What the exercise asks:
Take the data and return it in full. Change nothing.

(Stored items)

────────────────────

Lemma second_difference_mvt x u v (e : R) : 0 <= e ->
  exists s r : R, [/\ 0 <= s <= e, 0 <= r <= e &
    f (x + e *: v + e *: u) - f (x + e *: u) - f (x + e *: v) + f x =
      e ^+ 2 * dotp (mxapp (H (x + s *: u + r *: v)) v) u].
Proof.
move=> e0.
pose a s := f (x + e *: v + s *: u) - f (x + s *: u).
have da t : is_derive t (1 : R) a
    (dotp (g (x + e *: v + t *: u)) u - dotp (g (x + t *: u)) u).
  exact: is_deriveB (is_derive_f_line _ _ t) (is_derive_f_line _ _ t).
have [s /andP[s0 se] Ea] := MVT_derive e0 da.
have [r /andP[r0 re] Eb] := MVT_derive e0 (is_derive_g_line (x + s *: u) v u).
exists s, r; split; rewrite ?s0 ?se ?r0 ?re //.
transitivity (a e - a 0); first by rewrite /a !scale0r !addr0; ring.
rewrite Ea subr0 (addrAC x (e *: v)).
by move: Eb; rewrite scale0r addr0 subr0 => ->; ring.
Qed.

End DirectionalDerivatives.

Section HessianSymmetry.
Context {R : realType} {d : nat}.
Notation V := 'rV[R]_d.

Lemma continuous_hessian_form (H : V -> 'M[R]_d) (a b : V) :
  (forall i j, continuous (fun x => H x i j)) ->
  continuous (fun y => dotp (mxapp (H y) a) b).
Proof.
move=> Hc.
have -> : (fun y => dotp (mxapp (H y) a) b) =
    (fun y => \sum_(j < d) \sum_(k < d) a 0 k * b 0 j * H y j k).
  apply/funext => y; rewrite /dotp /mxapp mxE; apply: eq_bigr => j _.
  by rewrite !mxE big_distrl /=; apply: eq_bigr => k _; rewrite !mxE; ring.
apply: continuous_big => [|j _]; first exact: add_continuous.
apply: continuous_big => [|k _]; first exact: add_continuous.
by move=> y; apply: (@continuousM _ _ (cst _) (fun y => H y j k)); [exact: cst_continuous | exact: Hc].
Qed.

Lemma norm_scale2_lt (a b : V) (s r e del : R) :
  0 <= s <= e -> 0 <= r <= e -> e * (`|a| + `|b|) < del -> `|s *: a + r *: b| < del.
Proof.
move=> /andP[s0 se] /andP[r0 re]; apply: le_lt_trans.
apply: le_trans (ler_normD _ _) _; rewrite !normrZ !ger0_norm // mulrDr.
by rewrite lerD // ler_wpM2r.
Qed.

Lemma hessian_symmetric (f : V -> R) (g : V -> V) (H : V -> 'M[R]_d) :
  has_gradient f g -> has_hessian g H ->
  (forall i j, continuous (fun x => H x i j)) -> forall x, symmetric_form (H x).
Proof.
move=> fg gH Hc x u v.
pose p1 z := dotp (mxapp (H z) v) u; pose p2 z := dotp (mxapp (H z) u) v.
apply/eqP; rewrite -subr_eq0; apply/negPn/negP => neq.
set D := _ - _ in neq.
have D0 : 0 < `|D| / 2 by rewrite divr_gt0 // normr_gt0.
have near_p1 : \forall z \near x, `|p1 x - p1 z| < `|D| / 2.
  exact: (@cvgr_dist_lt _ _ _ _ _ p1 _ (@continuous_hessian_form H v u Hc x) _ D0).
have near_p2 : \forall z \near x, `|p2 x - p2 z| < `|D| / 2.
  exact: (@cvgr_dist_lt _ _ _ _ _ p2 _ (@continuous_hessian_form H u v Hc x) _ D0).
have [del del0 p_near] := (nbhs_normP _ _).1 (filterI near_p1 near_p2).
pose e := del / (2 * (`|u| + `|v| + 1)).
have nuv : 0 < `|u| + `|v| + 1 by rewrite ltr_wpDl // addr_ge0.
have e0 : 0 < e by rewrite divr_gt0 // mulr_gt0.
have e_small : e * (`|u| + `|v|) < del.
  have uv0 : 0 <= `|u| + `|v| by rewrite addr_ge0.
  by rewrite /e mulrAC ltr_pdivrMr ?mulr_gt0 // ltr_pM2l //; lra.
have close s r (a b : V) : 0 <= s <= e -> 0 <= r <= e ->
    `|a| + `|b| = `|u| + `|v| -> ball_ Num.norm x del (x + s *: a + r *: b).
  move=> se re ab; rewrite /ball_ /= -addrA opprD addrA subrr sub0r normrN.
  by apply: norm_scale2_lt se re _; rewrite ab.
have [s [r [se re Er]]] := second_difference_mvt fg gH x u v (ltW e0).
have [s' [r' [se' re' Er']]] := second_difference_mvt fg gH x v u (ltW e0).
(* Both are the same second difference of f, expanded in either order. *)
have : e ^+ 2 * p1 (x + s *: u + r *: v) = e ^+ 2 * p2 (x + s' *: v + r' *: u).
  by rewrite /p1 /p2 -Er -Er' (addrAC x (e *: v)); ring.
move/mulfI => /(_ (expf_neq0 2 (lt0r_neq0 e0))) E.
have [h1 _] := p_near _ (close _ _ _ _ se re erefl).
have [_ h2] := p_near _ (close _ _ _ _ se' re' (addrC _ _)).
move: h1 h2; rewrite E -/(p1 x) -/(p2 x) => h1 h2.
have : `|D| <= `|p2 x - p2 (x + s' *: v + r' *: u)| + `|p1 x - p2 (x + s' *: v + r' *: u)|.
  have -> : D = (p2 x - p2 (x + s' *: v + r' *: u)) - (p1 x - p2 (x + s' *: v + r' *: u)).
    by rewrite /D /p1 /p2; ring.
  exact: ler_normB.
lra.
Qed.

────────────────────

Answer to the problem:
Lemma second_difference_mvt x u v (e : R) : 0 <= e ->
  exists s r : R, [/\ 0 <= s <= e, 0 <= r <= e &
    f (x + e *: v + e *: u) - f (x + e *: u) - f (x + e *: v) + f x =
      e ^+ 2 * dotp (mxapp (H (x + s *: u + r *: v)) v) u].
Proof.
move=> e0.
pose a s := f (x + e *: v + s *: u) - f (x + s *: u).
have da t : is_derive t (1 : R) a
    (dotp (g (x + e *: v + t *: u)) u - dotp (g (x + t *: u)) u).
  exact: is_deriveB (is_derive_f_line _ _ t) (is_derive_f_line _ _ t).
have [s /andP[s0 se] Ea] := MVT_derive e0 da.
have [r /andP[r0 re] Eb] := MVT_derive e0 (is_derive_g_line (x + s *: u) v u).
exists s, r; split; rewrite ?s0 ?se ?r0 ?re //.
transitivity (a e - a 0); first by rewrite /a !scale0r !addr0; ring.
rewrite Ea subr0 (addrAC x (e *: v)).
by move: Eb; rewrite scale0r addr0 subr0 => ->; ring.
Qed.

End DirectionalDerivatives.

Section HessianSymmetry.
Context {R : realType} {d : nat}.
Notation V := 'rV[R]_d.

Lemma continuous_hessian_form (H : V -> 'M[R]_d) (a b : V) :
  (forall i j, continuous (fun x => H x i j)) ->
  continuous (fun y => dotp (mxapp (H y) a) b).
Proof.
move=> Hc.
have -> : (fun y => dotp (mxapp (H y) a) b) =
    (fun y => \sum_(j < d) \sum_(k < d) a 0 k * b 0 j * H y j k).
  apply/funext => y; rewrite /dotp /mxapp mxE; apply: eq_bigr => j _.
  by rewrite !mxE big_distrl /=; apply: eq_bigr => k _; rewrite !mxE; ring.
apply: continuous_big => [|j _]; first exact: add_continuous.
apply: continuous_big => [|k _]; first exact: add_continuous.
by move=> y; apply: (@continuousM _ _ (cst _) (fun y => H y j k)); [exact: cst_continuous | exact: Hc].
Qed.

Lemma norm_scale2_lt (a b : V) (s r e del : R) :
  0 <= s <= e -> 0 <= r <= e -> e * (`|a| + `|b|) < del -> `|s *: a + r *: b| < del.
Proof.
move=> /andP[s0 se] /andP[r0 re]; apply: le_lt_trans.
apply: le_trans (ler_normD _ _) _; rewrite !normrZ !ger0_norm // mulrDr.
by rewrite lerD // ler_wpM2r.
Qed.

Lemma hessian_symmetric (f : V -> R) (g : V -> V) (H : V -> 'M[R]_d) :
  has_gradient f g -> has_hessian g H ->
  (forall i j, continuous (fun x => H x i j)) -> forall x, symmetric_form (H x).
Proof.
move=> fg gH Hc x u v.
pose p1 z := dotp (mxapp (H z) v) u; pose p2 z := dotp (mxapp (H z) u) v.
apply/eqP; rewrite -subr_eq0; apply/negPn/negP => neq.
set D := _ - _ in neq.
have D0 : 0 < `|D| / 2 by rewrite divr_gt0 // normr_gt0.
have near_p1 : \forall z \near x, `|p1 x - p1 z| < `|D| / 2.
  exact: (@cvgr_dist_lt _ _ _ _ _ p1 _ (@continuous_hessian_form H v u Hc x) _ D0).
have near_p2 : \forall z \near x, `|p2 x - p2 z| < `|D| / 2.
  exact: (@cvgr_dist_lt _ _ _ _ _ p2 _ (@continuous_hessian_form H u v Hc x) _ D0).
have [del del0 p_near] := (nbhs_normP _ _).1 (filterI near_p1 near_p2).
pose e := del / (2 * (`|u| + `|v| + 1)).
have nuv : 0 < `|u| + `|v| + 1 by rewrite ltr_wpDl // addr_ge0.
have e0 : 0 < e by rewrite divr_gt0 // mulr_gt0.
have e_small : e * (`|u| + `|v|) < del.
  have uv0 : 0 <= `|u| + `|v| by rewrite addr_ge0.
  by rewrite /e mulrAC ltr_pdivrMr ?mulr_gt0 // ltr_pM2l //; lra.
have close s r (a b : V) : 0 <= s <= e -> 0 <= r <= e ->
    `|a| + `|b| = `|u| + `|v| -> ball_ Num.norm x del (x + s *: a + r *: b).
  move=> se re ab; rewrite /ball_ /= -addrA opprD addrA subrr sub0r normrN.
  by apply: norm_scale2_lt se re _; rewrite ab.
have [s [r [se re Er]]] := second_difference_mvt fg gH x u v (ltW e0).
have [s' [r' [se' re' Er']]] := second_difference_mvt fg gH x v u (ltW e0).
(* Both are the same second difference of f, expanded in either order. *)
have : e ^+ 2 * p1 (x + s *: u + r *: v) = e ^+ 2 * p2 (x + s' *: v + r' *: u).
  by rewrite /p1 /p2 -Er -Er' (addrAC x (e *: v)); ring.
move/mulfI => /(_ (expf_neq0 2 (lt0r_neq0 e0))) E.
have [h1 _] := p_near _ (close _ _ _ _ se re erefl).
have [_ h2] := p_near _ (close _ _ _ _ se' re' (addrC _ _)).
move: h1 h2; rewrite E -/(p1 x) -/(p2 x) => h1 h2.
have : `|D| <= `|p2 x - p2 (x + s' *: v + r' *: u)| + `|p1 x - p2 (x + s' *: v + r' *: u)|.
  have -> : D = (p2 x - p2 (x + s' *: v + r' *: u)) - (p1 x - p2 (x + s' *: v + r' *: u)).
    by rewrite /D /p1 /p2; ring.
  exact: ler_normB.
lra.
Qed.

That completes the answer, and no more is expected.